Dude, get over yourself. I'm just tellin' the guy to
enjoy
himself. That's all. There's tons of time to worry about perfect recordings as his skill increases. The Music is what's important, not the perfectly captured Guitar sound or Kick drum sound.

 

Getting proper levels, and understanding that they are about is increasing his skill level. It's not very enjoyable fighting to get a decent mix because your tracking levels sucked.

 

Originally posted by The Chinese

I don't know why you have such a hard on for me, but whatever. Maybe you don't really enjoy what you do, or are frustrated by your life or whatever, I don't know. What I do know is that you should really lighten up a bit, and recognize the validity of the big picture- it's music, and it's supposed to be joyful.

 

Can't take the heat stay out of the kitchen.

 

I love what I do, that's why I do it, and I have a wonderful, love filled life. Proper input levels are part of the big picture. If it doesn't sound good, and you have to struggle in mix to get to to sound even OK, it's not very enjoyable now is it?

 

 

Originally posted by The Chinese

There's been a number of people that you have gone out of your way to insult or antagonize- You've even had your own thread dedicated to you calling you out- and I just don't understand it. This is a place where we're supposed to help each other, so I suggest getting on board.

 

Can't please all the people all the time.

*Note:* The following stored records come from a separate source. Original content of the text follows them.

(* [v] is the largest [a] with [r a v]; the bits [t] are the values [r a v]. *)
Lemma max_threshold_in_set (A : finType) (r : rel A) (S : {set A}) (v : A)
    (t : #|A|.-tuple bool) :
  reflexive r -> antisymmetric r -> (forall j, tnth t j = r (enum_val j) v) ->
  [exists i, [&& enum_val i \in S, tnth t i &
     [forall j, tnth t j ==> r (enum_val j) (enum_val i)]]] = (v \in S).
Proof.
move=> r_refl r_anti t_v.
apply/existsP/idP => [[i /and3P[in_S t_i /forallP max_i]] | v_in_S].
  have := max_i (enum_rank v); rewrite t_v enum_rankK r_refl /= => r_vi.
  by have <- : enum_val i = v by apply: r_anti; rewrite -t_v t_i r_vi.
exists (enum_rank v); rewrite t_v enum_rankK v_in_S r_refl /=.
by apply/forallP => j; rewrite t_v; apply/implyP.
Qed.

Lemma multimonotone_of_thresholds (A : finType) (r : rel A) (S : {set A})
    (L : seq bool -> Prop) (val : seq bool -> A) (M : nat -> A -> mcircuit) (D k : nat) :
  reflexive r -> antisymmetric r ->
  (forall n a, 1 <= n -> mcircuit_wf n (M n a) /\ mcircuit_size (M n a) <= D * n ^ k + D) ->
  (forall b a, 1 <= size b -> mcircuit_eval (M (size b) a) b = r a (val b)) ->
  (forall b, 1 <= size b -> L b <-> val b \in S) ->
  MULTIMONOTONE L.
Proof.
move=> r_refl r_anti M_wf M_eval L_val.
exists #|A|, (#|A| * D + #|A|), k => -[|n].
  have [b L_b] : exists b : bool, L [::] <-> b.
    by case: (classic (L [::])) => L_nil; [exists true | exists false].
  exists (fun _ => b), [tuple [:: MConst false] | _ < #|A|]; split; last split.
  - by move=> i; rewrite tnth_mktuple.
  - under eq_bigr do rewrite tnth_mktuple.
    by rewrite sum_nat_const card_ord /mcircuit_size big_seq1 /=; lia.
  - by move=> b' /size0nil->.
set X := #|A|; exists (fun t : X.-tuple bool => [exists i : 'I_X, [&& enum_val i \in S,
    tnth t i & [forall j : 'I_X, tnth t j ==> r (enum_val j) (enum_val i)]]]).
exists [tuple M n.+1 (enum_val i) | i < X]; split; last split.
- by move=> i; rewrite tnth_mktuple; case: (M_wf n.+1 (enum_val i)).
- apply: (@leq_trans (\sum_(i < X) (D * n.+1 ^ k + D))).
    by apply: leq_sum => i _; rewrite tnth_mktuple; case: (M_wf n.+1 (enum_val i)).
  by rewrite sum_nat_const card_ord; lia.
move=> b size_b; rewrite L_val ?size_b //.
have tnth_b j : tnth [tuple mcircuit_eval (tnth [tuple M n.+1 (enum_val i) | i < X] i) b
    | i < X] j = r (enum_val j) (val b) by rewrite !tnth_mktuple -size_b M_eval ?size_b.
by rewrite (max_threshold_in_set _ r_refl r_anti tnth_b).
Qed.

Unset Implicit Arguments.
Lemma hermitian_ge1mx_det {n} {A : 'M[C]_n} : hermitian_ge1mx A ->
  1 <= \det A /\ complex.Re (\det A) <= expR (complex.Re (\tr A) - n%:R).
Proof.
elim: n A => [|n IH] A.
  by rewrite det_mx00 /mxtrace big_ord0 subrr expR0.
move: A; rewrite -[n.+1]/(1 + n)%N => A.
rewrite -(submxK A) (mx11_scalar (ulsubmx A)).
move: (ulsubmx A 0 0) (ursubmx A) (dlsubmx A) (drsubmx A) => a u l D ge1A.
have a1 := hermitian_ge1mx_corner ge1A.
have [eu _] := hermitian_ge1mx_block_adj ge1A; subst u.
have [detS1 detS] := IH _ (hermitian_ge1mx_schur1 ge1A).
have a0 : a != 0 by rewrite gt_eqF // (lt_le_trans ltr01 a1).
rewrite (det_block_schur1 a0); split; first exact: mulr_ege1.
move: detS; rewrite mxtrace_block mxtrace_scalar mxtrace_schur1 mulr1n.
move: detS1 (mxtrace_mulmx_adjmx_ge0 l) a1; clear ge1A a0.
move: (\det (schur1 a (adjmx l) l D)) (\tr (l *m adjmx l)) => S t S1 t0 a1.
rewrite (ger0_complexE (le_trans ler01 S1)) (ger0_complexE t0).
rewrite (ger0_complexE (le_trans ler01 a1)).
move: (ger1_Re S1) (ger0_Re t0) (ger1_Re a1).
move: (complex.Re S) (complex.Re t) (complex.Re a) => {S1 t0 a1} s tau al s1 tau0 al1.
rewrite -fmorphV -!rmorphM raddfB raddfD /= => s_le.
have al_le : al <= expR (al - 1) by have := expR_ge1Dx (al - 1); rewrite addrC subrK.
have {}s_le : s <= expR (complex.Re (\tr D) - n%:R).
  apply: le_trans s_le _; rewrite ler_expR.
  have : 0 <= al^-1 * tau by rewrite mulr_ge0 // invr_ge0 (le_trans ler01).
  lra.
apply: le_trans (ler_pM _ _ al_le s_le) _; try lra.
by rewrite -expRD ler_expR natrD; lra.
Qed.

End ConjugateTranspose.

Section ShiftedGram.
Context {R : realType}.
Local Notation C := R[i].

Definition shifted_gram {m n} (c : R) (G : 'M[C]_(m, n)) : 'M[C]_n :=
  1%:M + (c%:C)%C *: (adjmx G *m G).

Lemma hermitian_ge1mx_shifted_gram {m n} {c : R} (G : 'M[C]_(m, n)) :
  0 <= c -> hermitian_ge1mx (shifted_gram c G).
Proof.
move=> c0; split.
  by rewrite adjmxD adjmx_scalar conjc1 adjmxZ conjc_real adjmxM adjmxK.
move=> v; rewrite mulmxDr mulmx1 mulmxDl [X in _ <= X]mxE lerDl.
rewrite -scalemxAr -scalemxAl mxE mulmxA -adjmxM -mulmxA.
by rewrite mulr_ge0 ?ler0c ?adjmx_mulmx_diag_ge0.
Qed.

Lemma shifted_gram_minor m n (c : R) (G : 'M[C]_(m, n.+1)) (i : 'I_n.+1) :
  row' i (col' i (shifted_gram c G)) = shifted_gram c (col' i G).
Proof.
apply/matrixP => j k; rewrite !mxE (inj_eq (@lift_inj _ i)); congr (_ + _ * _).
by apply: eq_bigr => r _; rewrite !mxE.
Qed.

Lemma det_shifted_gram_ge1 {m n} {c : R} (G : 'M[C]_(m, n)) :
  0 <= c -> 1 <= \det (shifted_gram c G).
Proof. by move=> c0; case: (hermitian_ge1mx_det (hermitian_ge1mx_shifted_gram G c0)). Qed.

Lemma Iopt_shifted_gram m n (snr : R) (G : 'M[C]_(m, n)) :
  Iopt snr G = log2 (complex.Re (\det (shifted_gram (snr / n%:R) G))).
Proof. by rewrite /Iopt scalemxAl det_1DmulmxC -scalemxAr. Qed.

(* For [n = 0], [Iopt] divides by [0%:R]; both sides are then [log2 1], the
   matrices being empty. *)
Lemma Iopt_col' m n (snr : R) (G : 'M[C]_(m, n.+1)) (i : 'I_n.+1) :
  Iopt ((n.+1%:R - 1) / n.+1%:R * snr) (col' i G) =
  log2 (complex.Re (\det (shifted_gram (snr / n.+1%:R) (col' i G)))).
Proof.
rewrite Iopt_shifted_gram; case: n G i => [|n] G i.
  by rewrite !det_mx00.
have -> : (n.+2%:R - 1) / n.+2%:R * snr / n.+1%:R = snr / n.+2%:R :> R.
  rewrite -[n.+2%:R]natr1 addrK; field.
  by have n0 := ler0n R n; apply/andP; split; apply/eqP; lra.
by [].
Qed.

Lemma mmse_sinr_shifted_gram m n (snr : R) (G : 'M[C]_(m, n.+1)) (i : 'I_n.+1) :
  0 <= snr ->
  1 + mmse_sinr snr G i =
  complex.Re (\det (shifted_gram (snr / n.+1%:R) G)) /
  complex.Re (\det (shifted_gram (snr / n.+1%:R) (col' i G))).
Proof.
move=> snr0; have c0 : 0 <= snr / n.+1%:R by rewrite divr_ge0.
rewrite /mmse_sinr -/(shifted_gram _ G).
have ge1A := det_shifted_gram_ge1 G c0.
have ge1M := det_shifted_gram_ge1 (col' i G) c0.
have A0 : \det (shifted_gram (snr / n.+1%:R) G) != 0.
  by rewrite gt_eqF // (lt_le_trans ltr01).
rewrite /invmx unitmxE unitfE A0 !mxE /cofactor -signr_odd oddD addbb expr0 mul1r.
rewrite shifted_gram_minor (ger0_complexE (le_trans ler01 ge1A)).
rewrite (ger0_complexE (le_trans ler01 ge1M)) -fmorphV -rmorphM -fmorphV -rmorphB /=.
by rewrite invfM invrK mulrC addrC subrK.
Qed.

Lemma log2_1Dmmse_sinr m n (snr : R) (G : 'M[C]_(m, n.+1)) (i : 'I_n.+1) :
  0 <= snr ->
  log2 (1 + mmse_sinr snr G i) =
  Iopt snr G - Iopt ((n.+1%:R - 1) / n.+1%:R * snr) (col' i G).
Proof.
move=> snr0; have c0 : 0 <= snr / n.+1%:R by rewrite divr_ge0.
have := ger1_Re (det_shifted_gram_ge1 G c0).
have := ger1_Re (det_shifted_gram_ge1 (col' i G) c0).
rewrite mmse_sinr_shifted_gram // Iopt_col' Iopt_shifted_gram /log2 -mulrBl => ge1M ge1A.
by rewrite ln_div // posrE (lt_le_trans ltr01).
Qed.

Your advise IMHO was not helping, it was misleading.

 

Again, if you can't take the heat, then don't post. Forums like this are for sharing info and ideas, and a fantastic place for newcomers to get started in understanding how the recording process works. Crutial to that is getting proper input levels. The process if far more enjoyable when it is understood, done properly, and yields a satisfying end result.

 

YMMV.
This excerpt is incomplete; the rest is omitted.